The 2010 All-Ireland Senior Hurling Championship was the 114th staging of Ireland's premier hurling competition since its establishment by the Gaelic Athletic Association in 1887. A total of thirteen teams competed in the championship, with Tipperary unseating the four-time defending champions Kilkenny by 4-17 to 1-18 in the final at Croke Park, Dublin.  The championship began on 22 May 2010 and concluded on 5 September 2010.

Pre-championship
The build-up to the opening of the championship was dominated by Kilkenny and the 'drive for five'. 'The Cats' were installed as the bookies' favourites to retain the All-Ireland title for an unprecedented fifth successive occasion. Since 2006 the Kilkenny team had come to be regarded as arguably the greatest hurling team of all-time. In 2007, they surpassed their greatest rivals Cork at the top of the all-time roll of honour, while in 2009 the team equalled the seemingly unbeatable record of four All-Ireland titles in-a-row. Winning an elusive five-in-a-row would close the argument on hurling's greatest team.

Tipperary were regarded as the primary challengers to Kilkenny's dominance. Many believed that they had the beating of Kilkenny in the previous year's All-Ireland final, however, 'the Cats' pulled away in the last ten minutes to seal the victory. With an extra year of experience many felt that Tipp may finally triumph for the first time in nine years.

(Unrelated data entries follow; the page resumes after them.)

Lemma ge0_integral_split {A B : set T} : measurable A -> measurable B ->
  A `<=` B ->
  \int[mu]_(x in B) f x = \int[mu]_(x in B `\` A) f x + \int[mu]_(x in A) f x.
Proof.
move=> mA mB AB; rewrite -{1}(setDUK AB) ge0_integral_setU; first exact: addeC.
- exact: mA.
- exact: measurableD.
- by rewrite setDUK //; exact: measurable_funTS.
- by move=> x _.
- by rewrite disj_set2E setDIK.
Qed.

Lemma ge0_integral_bigcup_le (e : (set T)^nat) : (forall i, measurable (e i)) ->
  \int[mu]_(x in \bigcup_i e i) f x <= \sum_(i <oo) \int[mu]_(x in e i) f x.
Proof.
move=> me; have fe0 i x : 0 <= (f \_ (e i)) x by rewrite /patch; case: ifP.
have mfe i : measurable_fun setT (f \_ (e i)).
  by apply/(measurable_restrictT _ (me i)); exact: measurable_funTS.
have mU : measurable (\bigcup_i e i) by exact: bigcupT_measurable.
rewrite (eq_eseriesr (fun i _ => integral_mkcond (e i) f)) -integral_nneseries //.
rewrite integral_mkcond; apply: ge0_le_integral => //.
- by move=> x _; rewrite /patch; case: ifP.
- by apply/(measurable_restrictT _ mU); exact: measurable_funTS.
- by apply: (ge0_emeasurable_sum (P := xpredT)) => [i x _ _|i _]; [exact: fe0|].
move=> x _; rewrite [leLHS]/patch; case: ifPn => [/set_mem[i _ xi]|_]; last first.
  by apply: nneseries_ge0 => j _ _; exact: fe0.
apply: (le_trans _ (nneseries_lim_ge i.+1 (fun j _ _ => fe0 j x))).
by rewrite big_nat_recr //= [X in _ <= _ + X]/patch mem_set // leeDr // sume_ge0.
Qed.

Lemma ge0_integral_countable_bigcup_le {F : set (set T)} : countable F ->
  (forall P, F P -> measurable P) ->
  \int[mu]_(x in \bigcup_(P in F) P) f x <= \esum_(P in F) \int[mu]_(x in P) f x.
Proof.
move=> /countable_family_seq[e [e_alt -> sumE]] mF.
rewrite -sumE; last exact: integral_set0.
  by apply: ge0_integral_bigcup_le => i; case: (e_alt i) => [/mF|->].
by move=> P; exact: integral_ge0.
Qed.
End nonneg_integral.

Section dyadic_cubes.
Context {R : realType} {n : nat}.
Local Notation Rn := (n.-tuple R).

(* Half-open boxes are Borel sets: finite intersections of coordinate strips. *)
Lemma box_measurable (a b : Rn) : measurable (box a b).
Proof.
have -> : box a b = \bigcap_(i in [set: 'I_n])
    ((fun x : Rn => tnth x i) @^-1` `[tnth a i, tnth b i[).
  apply/seteqP; split => x /=.
    by move=> h i _ /=; rewrite in_itv /=; exact: h.
  by move=> h i; have := h i I; rewrite /= in_itv.
apply: fin_bigcap_measurable => // i _.
rewrite -[X in measurable X]setTI.
by apply: measurable_tnth => //; exact: measurable_itv.
Qed.

Definition cube_min (j : int) (k : n.-tuple int) : Rn :=
  [tuple (tnth k i)%:~R * 2%:R ^ j | i < n].
Definition cube_max (j : int) (k : n.-tuple int) : Rn :=
  [tuple ((tnth k i)%:~R + 1) * 2%:R ^ j | i < n].

Lemma dyadic_cube_box j k : dyadic_cube j k = box (cube_min j k) (cube_max j k).
Proof. by apply/seteqP; split => x /= h i; have := h i; rewrite !tnth_mktuple. Qed.

Lemma cube_side j k i : tnth (cube_max j k) i - tnth (cube_min j k) i = 2%:R ^ j.
Proof. by rewrite !tnth_mktuple -mulrBl addrAC subrr add0r mul1r. Qed.

Lemma dyadic_measurable {Q : set Rn} : is_dyadic Q -> measurable Q.
Proof. by move=> [j [k ->]]; rewrite dyadic_cube_box; exact: box_measurable. Qed.

Lemma norm_le_between (a b x : R) : a <= x <= b -> `|x| <= `|a| + `|b|.
Proof.
move=> /andP[ax xb]; rewrite ler_norml.
have := ler_norm b; have := ler_norm (- a); rewrite normrN.
have := normr_ge0 a; have := normr_ge0 b => *; apply/andP; split; lra.
Qed.

Lemma dyadic_bounded {Q : set Rn} : is_dyadic Q -> Defs.bounded_set Q.
Proof.
move=> [j [k ->]]; rewrite dyadic_cube_box.
exists (\sum_(i < n) (`|tnth (cube_min j k) i| + `|tnth (cube_max j k) i|)).
move=> x /(_ _) /andP box_x i; have [lo hi] := box_x i.
rewrite (bigD1 i) //= ler_wpDr //; first by apply: sumr_ge0 => *; rewrite addr_ge0.
by apply: norm_le_between; rewrite lo ltW.
Qed.

Lemma dyadic_countable {F : set (set Rn)} :
  (forall Q, F Q -> is_dyadic Q) -> countable F.
Proof.
move=> Fd; pose cube (p : int * n.-tuple int) := @dyadic_cube R n p.1 p.2.
apply: (@sub_countable _ _ _ (cube @` [set: int * n.-tuple int])); last first.
  by apply: (card_le_trans (card_image_le _ _)); exact: countableP.
by apply: subset_card_le => P /Fd [j [k ->]]; exists (j, k).
Qed.

Lemma dyadic_lebesgue {mu : {measure set Rn -> \bar R}} {Q : set Rn} :
  is_lebesgue mu -> is_dyadic Q -> mu Q = (fine (mu Q))%:E /\ 0 < fine (mu Q).
Proof.
move=> leb [j [k ->]]; rewrite dyadic_cube_box leb /=; last first.
  by move=> i; rewrite -subr_ge0 cube_side exprz_ge0.
by split => //; apply: prodr_gt0 => i _; rewrite cube_side exprz_gt0.
Qed.
End dyadic_cubes.

Definition strict_subfamily {T : Type} (F : set (set T)) (Q : set T) :
    set (set T) :=
  [set P | F P /\ P `<=` Q /\ P <> Q].

Lemma carleson_strict_subcubes {R : realType} {n : nat}
    {mu : {measure set (n.-tuple R) -> \bar R}} {alpha : R}
    {S F : set (set (n.-tuple R))} {Q : set (n.-tuple R)} :
  carleson mu alpha S -> S Q -> mu Q \is a fin_num ->
  F `<=` strict_subfamily S Q ->
  (\esum_(P in F) mu P <= ((alpha - 1) * fine (mu Q))%:E)%E.
Proof.
move=> [_ carl] SQ finQ FS.
pose G : set (set (n.-tuple R)) := [set P | S P /\ P `<=` Q].
have GQ : G `&` [set Q] = [set Q].
  by apply/seteqP; split => [P [_ ->] //|P ->]; split => //; split.
have FG : F `<=` G `&` ~` [set Q] by move=> P /FS[SP [PQ PnQ]].
have := carl Q SQ; rewrite (esumID [set Q]) // GQ esum_set1 // -(fineK finQ).
have := le_esum_subset (measure_ge0 mu) FG.
have : (0 <= \esum_(P in F) mu P)%E by exact: esum_ge0.
case: (\esum_(P in F) mu P) => [s| |] //; case: (\esum_(P in _ `&` _) mu P) => [t| |] //=.
rewrite -EFinD -EFinM !lee_fin => s0 st; lra.
Qed.

Section layers.
Context {R : realType} {n : nat} {mu : {measure set (n.-tuple R) -> \bar R}}.
Context {alpha : R} {S : set (set (n.-tuple R))} {f : n.-tuple R -> R} {m k : nat}.
Hypotheses (leb : is_lebesgue mu) (carlS : carleson mu alpha S).
Hypothesis f_loc : loc_integrable_Rn mu f.
Local Notation Sk := (layer mu f S m k).

Lemma integral_average {P : set (n.-tuple R)} : is_dyadic P ->
  (\int[mu]_(x in P) (f x)%:E = (average mu f P * fine (mu P))%:E)%E.
Proof.
move=> dP; have [_ mu0] := dyadic_lebesgue leb dP.
have mP := dyadic_measurable dP.
rewrite /average divfK ?gt_eqF // fineK //; apply: integrable_fin_num => //.
exact: (f_loc.2 _ mP (dyadic_bounded dP)).
Qed.

Lemma layer_dyadic {P : set (n.-tuple R)} : Sk P -> is_dyadic P.
Proof. by move=> [SP _]; exact: carlS.1. Qed.

Lemma layer_integral_le {P : set (n.-tuple R)} : Sk P ->
  (\int[mu]_(x in P) (f x)%:E <= ((56%:R ^+ (m * k))^-1)%:E * mu P)%E.
Proof.
move=> SkP; have dP := layer_dyadic SkP; have [-> mu0] := dyadic_lebesgue leb dP.
rewrite integral_average // -EFinM lee_fin ler_pM2r //.
by case: SkP => _ [].
Qed.

Lemma layer_measure_le {Q : set (n.-tuple R)} : Sk Q ->
  (mu Q <= (56%:R ^+ (m * k.+1))%:E * \int[mu]_(x in Q) (f x)%:E)%E.
Proof.
move=> SkQ; have dQ := layer_dyadic SkQ; have [-> mu0] := dyadic_lebesgue leb dQ.
rewrite integral_average // -EFinM lee_fin mulrA ler_peMl //.
case: SkQ => _ [lo _]; rewrite -ler_pdivrMl ?exprn_gt0 // mulr1; exact: ltW.
Qed.

Lemma strict_subfamily_dyadic (Q P : set (n.-tuple R)) :
  strict_subfamily Sk Q P -> is_dyadic P.
Proof. by move=> [/layer_dyadic]. Qed.

Lemma strict_subfamily_measurable (Q : set (n.-tuple R)) :
  measurable (\bigcup_(P in strict_subfamily Sk Q) P).
Proof.
apply: countable_bigcup_measurable.
  exact: dyadic_countable (strict_subfamily_dyadic Q).
by move=> P /strict_subfamily_dyadic /dyadic_measurable.
Qed.

Lemma integrand_measurable : measurable_fun setT (fun x => (f x)%:E).
Proof. by apply/measurable_EFinP; exact: f_loc.1. Qed.

Lemma layer_subcubes_integral_le {Q : set (n.-tuple R)} :
  1 <= alpha -> (forall x, 0 <= f x) -> Sk Q ->
  (\int[mu]_(x in \bigcup_(P in strict_subfamily Sk Q) P) (f x)%:E
     <= (56%:R ^+ m * (alpha - 1))%:E * \int[mu]_(x in Q) (f x)%:E)%E.
Proof.
move=> alpha1 f0 SkQ; set F := strict_subfamily Sk Q.
have f0E x : (0 <= (f x)%:E)%E by rewrite lee_fin.
have Fc := dyadic_countable (strict_subfamily_dyadic Q).
have mF P (FP : F P) := dyadic_measurable (strict_subfamily_dyadic _ _ FP).
have [muQ mu0] := dyadic_lebesgue leb (layer_dyadic SkQ).
have sumF : (\esum_(P in F) mu P <= ((alpha - 1) * fine (mu Q))%:E)%E.
  by apply: (carleson_strict_subcubes carlS SkQ.1); [rewrite muQ|move=> P [[]]].
have c0 : 0 <= (56%:R ^+ (m * k))^-1 :> R by rewrite invr_ge0 exprn_ge0.
apply: (le_trans
  (ge0_integral_countable_bigcup_le mu integrand_measurable f0E Fc mF)).
apply: (@le_trans _ _ (\esum_(P in F) ((56%:R ^+ (m * k))^-1)%:E * mu P)%E).
  by apply: le_esum => P [SkP _]; exact: layer_integral_le.
apply: (le_trans (esumZl_le c0 (measure_ge0 mu))).
apply: (le_trans (lee_wpmul2l _ sumF)); first by rewrite lee_fin.
have := layer_measure_le SkQ.
rewrite muQ (integral_average (layer_dyadic SkQ)) -!EFinM !lee_fin.
set I := _ * fine (mu Q) => muQ_le /=.
have a0 : 0 <= alpha - 1 by rewrite subr_ge0.
have scale : (56%:R ^+ (m * k))^-1 * ((alpha - 1) * (56%:R ^+ (m * k.+1) * I))
    = 56%:R ^+ m * (alpha - 1) * I.
  by rewrite mulnS exprD; field; rewrite expf_neq0 // pnatr_eq0.
by rewrite -scale ler_wpM2l // ler_wpM2l.
Qed.
End layers.

Lemma absorb_le {R : realType} {b : R} {I v u : \bar R} :
  0 <= b < 1 -> I \is a fin_num -> (0 <= v)%E -> (0 <= u)%E ->
  I = (v + u)%E -> (u <= b%:E * I)%E -> (I <= ((1 - b)^-1)%:E * v)%E.
Proof.
move=> /andP[b0 b1] finI v0 u0 IE; move: finI; rewrite {I}IE.
case: v v0 => [v| |] // v0; case: u u0 => [u| |] // u0 _.
rewrite -EFinD -!EFinM !lee_fin in v0 u0 * => ub.
by rewrite ler_pdivlMl ?subr_gt0 //; nra.
Qed.

Theorem mainTheorem4 (R : realType) (n : nat)
    (mu : {measure set (n.-tuple R) -> \bar R})
    (m : nat) (alpha : R) (S : set (set (n.-tuple R)))
    (f : n.-tuple R -> R) (k : nat) (Q : set (n.-tuple R)) :
  is_lebesgue mu ->
  (0 < m)%N ->
  1 < alpha ->
  (56%:R : R) ^+ m * (alpha - 1) < 1 ->
  carleson mu alpha S ->
  (forall x, 0 <= f x) ->
  loc_integrable_Rn mu f ->
  (0 < k)%N ->
  layer mu f S m k Q ->
  (\int[mu]_(x in Q) (f x)%:E
     <= ((1 - (56%:R : R) ^+ m * (alpha - 1))^-1)%:E
        * \int[mu]_(x in EQ (layer mu f S m k) Q) (f x)%:E)%E.
Proof.
move=> leb _ alpha1 small carlS f0 f_loc _ SkQ.
have dQ := layer_dyadic carlS SkQ.
have f0E x : (0 <= (f x)%:E)%E by rewrite lee_fin.
have UQ : \bigcup_(P in strict_subfamily (layer mu f S m k) Q) P `<=` Q.
  by move=> x [P [_ [PQ _]]]; exact: PQ.
have splitQ := ge0_integral_split mu (integrand_measurable f_loc) f0E
  (strict_subfamily_measurable carlS Q) (dyadic_measurable dQ) UQ.
have boundU := layer_subcubes_integral_le leb carlS f_loc (ltW alpha1) f0 SkQ.
apply: (absorb_le _ _ _ _ splitQ boundU).
- by rewrite small mulr_ge0 ?exprn_ge0 // subr_ge0 ltW.
- by rewrite (integral_average leb f_loc dQ).
- by apply: integral_ge0 => x _.
- by apply: integral_ge0 => x _.
Qed.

A second tier of teams waited just behind the two clear front-runners. Perennial hopefuls Galway entered the championship as the newly crowned National Hurling League champions and were also seen as a stumbling block on Kilkenny's march to immortality. The westerners were regarded as potential Leinster and maybe even All-Ireland finalists. Cork were buoyed by some impressive displays in the National League. 'The Rebels' defeated both Kilkenny and Tipperary in the group stages and finished the campaign as runners-up. Similarly, Cork enjoyed a trouble-free winter and would enter the championship without any off-field controversy. Waterford were also viewed as a team that had the potential to make life difficult for any of the other top-tier teams.

Limerick entered the championship in the midst of a crisis. After team manager Justin McCarthy dropped twelve players from the panel in October 2009, many of the remaining players decided to withdraw their services over the course of the next few months.  The crisis developed into something of a 'civil war' with the vast majority of the 2009 panel remaining 'on strike', while McCarthy was retained as manager and developed a new panel of players for 2010.  The result was Limerick losing all of their National League matches and being relegated to Division 2.

The championship

Participating counties

Format
The 2010 All-Ireland Senior Hurling Championship was run on a provincial basis as usual. It was a knockout tournament with pairings drawn at random in the respective provinces - there were no seeds.

Each match was played as a single leg. If a match was drawn there was a replay. If that match ended in a draw a period of extra time was played, however, if both sides were still level at the end of extra time another replay would take place.

Munster Championship

Quarter-final: (1 match) This is a single match between the first two teams drawn from the province of Munster.

Semi-finals: (2 matches) The winner of the lone quarter-final joins the other three Munster teams to make up the semi-final pairings.

Final: (1 match) The winners of the two semi-finals contest this game.

Leinster Championship

First Round: (1 match) This was a single match between the first two teams drawn from the province of Leinster.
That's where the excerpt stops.